A High-Performance, Multi-Tenant RAG Platform.

License Python TypeScript Docker

📖 Overview

RAG Factory is a robust, production-ready Retrieval-Augmented Generation (RAG) system designed for scalability and precision. It features a microservices architecture separating the RAG Engine (Python/FastAPI) from the Platform API (Node.js/NestJS), ensuring modularity and performance.

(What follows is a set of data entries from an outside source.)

Lemma ceil_inv (eps : R) : (0 < eps)%R ->
  exists k : nat, [/\ 0 < k, IZR (ceilR (1 / eps)) = INR k & (1 <= INR k * eps)%R].
Proof.
move=> eps_gt0.
have ceil_ge : (1 / eps <= IZR (ceilR (1 / eps)))%R.
  by rewrite /ceilR opp_IZR; have [lb _] := base_Int_part (- (1 / eps)); lra.
have inv_gt0 : (0 < 1 / eps)%R by apply: Rdiv_lt_0_compat; lra.
have ceil_gt0 : (0 < ceilR (1 / eps))%Z by apply: lt_0_IZR; lra.
exists (Z.to_nat (ceilR (1 / eps))).
rewrite INR_IZR_INZ Znat.Z2Nat.id; last lia.
split=> //; first lia.
have inv_eps : (1 / eps * eps = 1)%R by field; lra.
have := Rmult_le_compat_r eps _ _ (Rlt_le _ _ eps_gt0) ceil_ge; lra.
Qed.

Lemma scaled_edge_bound (s m k : nat) (eps : R) :
  (INR s * (1 + eps) <= INR m)%R -> (1 <= INR k * eps)%R -> (k + 1) * s <= k * m.
Proof.
move=> le_m ge_k; apply/leP/INR_le; rewrite -!multE !mult_INR -plusE plus_INR /=.
have := pos_INR s; have := pos_INR k; nra.
Qed.

Theorem lemma3p1 (T E : finType) (ends : E -> T * T) (eps : R) :
  (0 < eps)%R ->
  2 <= #|T| ->
  (INR #|T| * (1 + eps) <= INR #|E|)%R ->
  exists S : {set T},
    (INR #|S| <= 8 * log2 (INR #|T|) * IZR (ceilR (1 / eps)))%R /\
    #|S| + 1 <= n_spanned ends S.
Proof.
move=> eps_gt0 T_ge2 edges.
have [k [k_gt0 -> k_eps]] := ceil_inv eps_gt0.
have T_gt0 : 0 < #|T| by apply: leq_trans T_ge2.
set p := trunc_log 2 #|T|.
have p_gt0 : 0 < p by apply: trunc_log_max; rewrite ?expn1.
have [S [cardS denseS]] := dense_set_exists ends k_gt0 p_gt0 T_gt0
  (trunc_log_ltn _ (isT : 1 < 2)) (scaled_edge_bound edges k_eps).
exists S; split=> //.
have p_log : (INR p <= log2 (INR #|T|))%R.
  exact: log2_ge (trunc_logP (isT : 1 < 2) T_gt0).
have := le_INR _ _ (elimT leP cardS); rewrite -!multE !mult_INR.
rewrite (_ : INR 8 = 8%R); last by simpl; lra.
by have := pos_INR k; nra.
Qed.
(* Consider four bosonic modes labelled $1,2,3,4$, and a beam-splitter network $\hat B_{\text{network}}=\hat B_{j_4k_4}\hat B_{j_3k_3}\hat B_{j_2k_2}\hat B_{j_1k_1}$ consisting of four balanced beam splitters, where $j_i\neq k_i\in\{1,2,3,4\}$ for each $i$ and the beam splitter $\hat B_{j_1k_1}$ acts first on the state, then $\hat B_{j_2k_2}$, and so on. Then $\hat B_{\text{network}}$ is a real balanced four-splitter if and only if all of the following hold: (1) each mode is acted on by exactly two of the four beam splitters; (2) all modes interact with a first beam splitter before any mode interacts with a second one (i.e., in the order of application, no beam splitter acts on a mode that has already been acted on while some mode has not yet been acted on by any beam splitter); (3) no two of the beam splitters act on the same (unordered) pair of modes.
   Context: For modes with annihilation operators $\hat a_j$ and quadratures $\hat q_j=(\hat a_j+\hat a_j^\dagger)/\sqrt2$, $\hat p_j=-i(\hat a_j-\hat a_j^\dagger)/\sqrt2$, the balanced beam splitter from mode $j$ to mode $k$ is $\hat B_{jk}=e^{\frac{\pi}{4}(\hat a_j\hat a_k^\dagger-\hat a_j^\dagger\hat a_k)}$ (note $\hat B_{kj}=\hat B_{jk}^\dagger$, so each beam splitter may point in either direction). A passive linear-optical unitary $\hat U$ on $N$ modes has matrix $\mathbf U\in\mathrm U(N)$ defined by $\hat U^\dagger\hat{\mathbf a}\hat U=\mathbf U\hat{\mathbf a}$; for $\hat B_{jk}$ this matrix equals the identity except on rows/columns $(j,k)$, where it is $\tfrac1{\sqrt2}\begin{bmatrix}1&-1\\1&1\end{bmatrix}$, and the matrix of the network is the product $\mathbf R_{j_4k_4}\mathbf R_{j_3k_3}\mathbf R_{j_2k_2}\mathbf R_{j_1k_1}$. A real balanced four-splitter is a linear-optical unitary on four modes whose matrix is real orthogonal with all entries of equal magnitude (hence $\pm\tfrac12$). *)

From HB Require Import structures.
From mathcomp Require Import all_boot all_order all_algebra.
From mathcomp Require Import reals.
Set Implicit Arguments. Unset Strict Implicit. Unset Printing Implicit Defensive.
Import Order.TTheory GRing.Theory Num.Theory.
Local Open Scope ring_scope.
(* Let ${\bf r}=(r_0,r_1,\dots)$ be a finitely supported sequence of nonnegative integers with $n=\sum_{d\ge1}r_d$, and let $k\ge0$ be an integer. For any two ${\bf S}^{(1)},{\bf S}^{(2)}\in V_{\bf r}$, $$|\mathcal{CF}_{{\bf r},k,{\bf S}^{(1)}}|=|\mathcal{CF}_{{\bf r},k,{\bf S}^{(2)}}|.$$
   Context: A plane tree is an unlabelled rooted tree in which the children of every vertex are linearly ordered; a plane forest is a finite linearly ordered sequence of plane trees. For vertices $u,v$ in a tree, $v$ is a descendant of $u$ if $u$ lies on the path from the root to $v$ (so $u$ is a descendant of itself). The degree $d_v$ is the number of children of $v$; $v$ is internal if $d_v\ge1$. $I(F)$ is the set of internal vertices of $F$. A plane forest has type ${\bf r}$ if it has exactly $r_i$ vertices of degree $i$ for all $i\ge0$. A labelled forest is a plane forest $F$ together with a bijection (labelling) $I(F)\to[n]$. An internal vertex $v$ of a labelled forest is proper if no internal descendant of $v$ has a smaller label than $v$, and improper otherwise. Fix colors $c_1,c_2,\dots$ and distinct special colors $c_1',c_2',\dots$. A proper $k$-coloring of a labelled forest assigns to each internal vertex $v$ a color, taken from $\{c_1,\dots,c_{d_v}\}$ if $v$ is proper and from $\{c_1,\dots,c_{d_v}\}\cup\{c_1',\dots,c_k'\}$ if $v$ is improper. A $k$-colored labelled forest is a labelled forest together with a proper $k$-coloring; $\mathcal{CF}_{{\bf r},k}$ is the set of $k$-colored labelled forests whose underlying plane forest has type ${\bf r}$. $V_{\bf r}$ is the set of sequences ${\bf S}=(S_1,S_2,\dots)$ of pairwise disjoint subsets of $[n]$ with union $[n]$ and $|S_i|=r_i$ for all $i\ge1$. For ${\bf S}\in V_{\bf r}$, $\mathcal{CF}_{{\bf r},k,{\bf S}}$ is the set of forests in $\mathcal{CF}_{{\bf r},k}$ in which every internal vertex $v$ has its label in $S_{d_v}$. *)

From HB Require Import structures.
From mathcomp Require Import all_boot.
From mathcomp Require Import classical_sets cardinality.
Set Implicit Arguments. Unset Strict Implicit. Unset Printing Implicit Defensive.

Inductive dtree (A : Type) : Type := DNode of A & seq (dtree A).
Arguments DNode {A}.

(* Colors: Col i is c_i, Spc j is the special color c'_j (i, j >= 1). *)
Inductive color : Type := Col of nat | Spc of nat.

The system is model-agnostic, supporting Ollama, Google Gemini, and OpenAI, allowing flexibility between local privacy-focused models and powerful cloud-based LLMs.

✨ Key Features

  • 🧠 Advanced RAG Engine:

    • Hybrid Search: Combines semantic search (embeddings) with lexical search (keyword scoring) for superior recall.
    • Context Expansion: Automatically retrieves neighboring chunks to provide better context to the LLM.
    • Anti-Hallucination: Strict validation logic ensures answers are grounded in the provided documents.
    • Multi-Model Support: Seamlessly switch between Ollama (local), Gemini, and OpenAI.
  • 🏗️ Scalable Architecture:

    • Multi-Tenancy: Built-in support for multiple workspaces and isolated document sets.
    • Async Ingestion: Celery + Redis pipeline for processing large documents without blocking.
    • Microservices:
      • apps/engine: Python core for RAG logic.
      • apps/platform: NestJS API for management and orchestration.

Core Concepts

1. Service Tokens

Authentication is handled via Service Tokens. Clients must first generate a token to interact with the API. This token scopes access to specific resources.

2. Workspaces

Data is organized into Workspaces. A workspace acts as an isolated container for documents. Ingestion and retrieval are strictly scoped to a workspace, ensuring data privacy and multi-tenancy support.

3. Query & Retrieval

The query engine uses a multi-stage pipeline:

  1. Hybrid Retrieval: Fetches documents using both vector similarity and keyword matching.
  2. Re-ranking: Re-orders results to prioritize the most relevant chunks.
  3. Synthesis: The LLM generates an answer based exclusively on the retrieved context.

🚀 Getting Started

Prerequisites

  • Docker & Docker Compose
  • Git

1. Clone the Repository

git clone https://github.com/mdiniz97/rag-factory.git
cd rag-factory

2. Configuration

Create a .env file in apps/engine (or use the provided example):

cp apps/engine/.env.example apps/engine/.env

Model Configuration (apps/engine/.env):

You can configure the provider by setting LLM_PROVIDER and EMBEDDING_PROVIDER.

Example for Gemini:

GOOGLE_API_KEY=your_gemini_api_key
LLM_PROVIDER=gemini
EMBEDDING_PROVIDER=gemini

Example for OpenAI:

OPENAI_API_KEY=your_openai_api_key
LLM_PROVIDER=openai
EMBEDDING_PROVIDER=openai

Example for Ollama (Local):

LLM_PROVIDER=ollama
EMBEDDING_PROVIDER=ollama
OLLAMA_BASE_URL=http://host.docker.internal:11434

3. Run with Docker

We provide three Docker Compose configurations to suit different needs:

File Purpose
docker-compose.yml Standard Development. Runs the full stack (Engine, Platform, Worker) locally.
docker-compose.infra.yml Infrastructure Only. Runs only the databases (Postgres, Redis, Qdrant, MinIO). Useful if you want to run the apps locally for debugging.
docker-compose.full.yml Production/Full. Similar to standard but can be extended for production deployments with additional services if needed.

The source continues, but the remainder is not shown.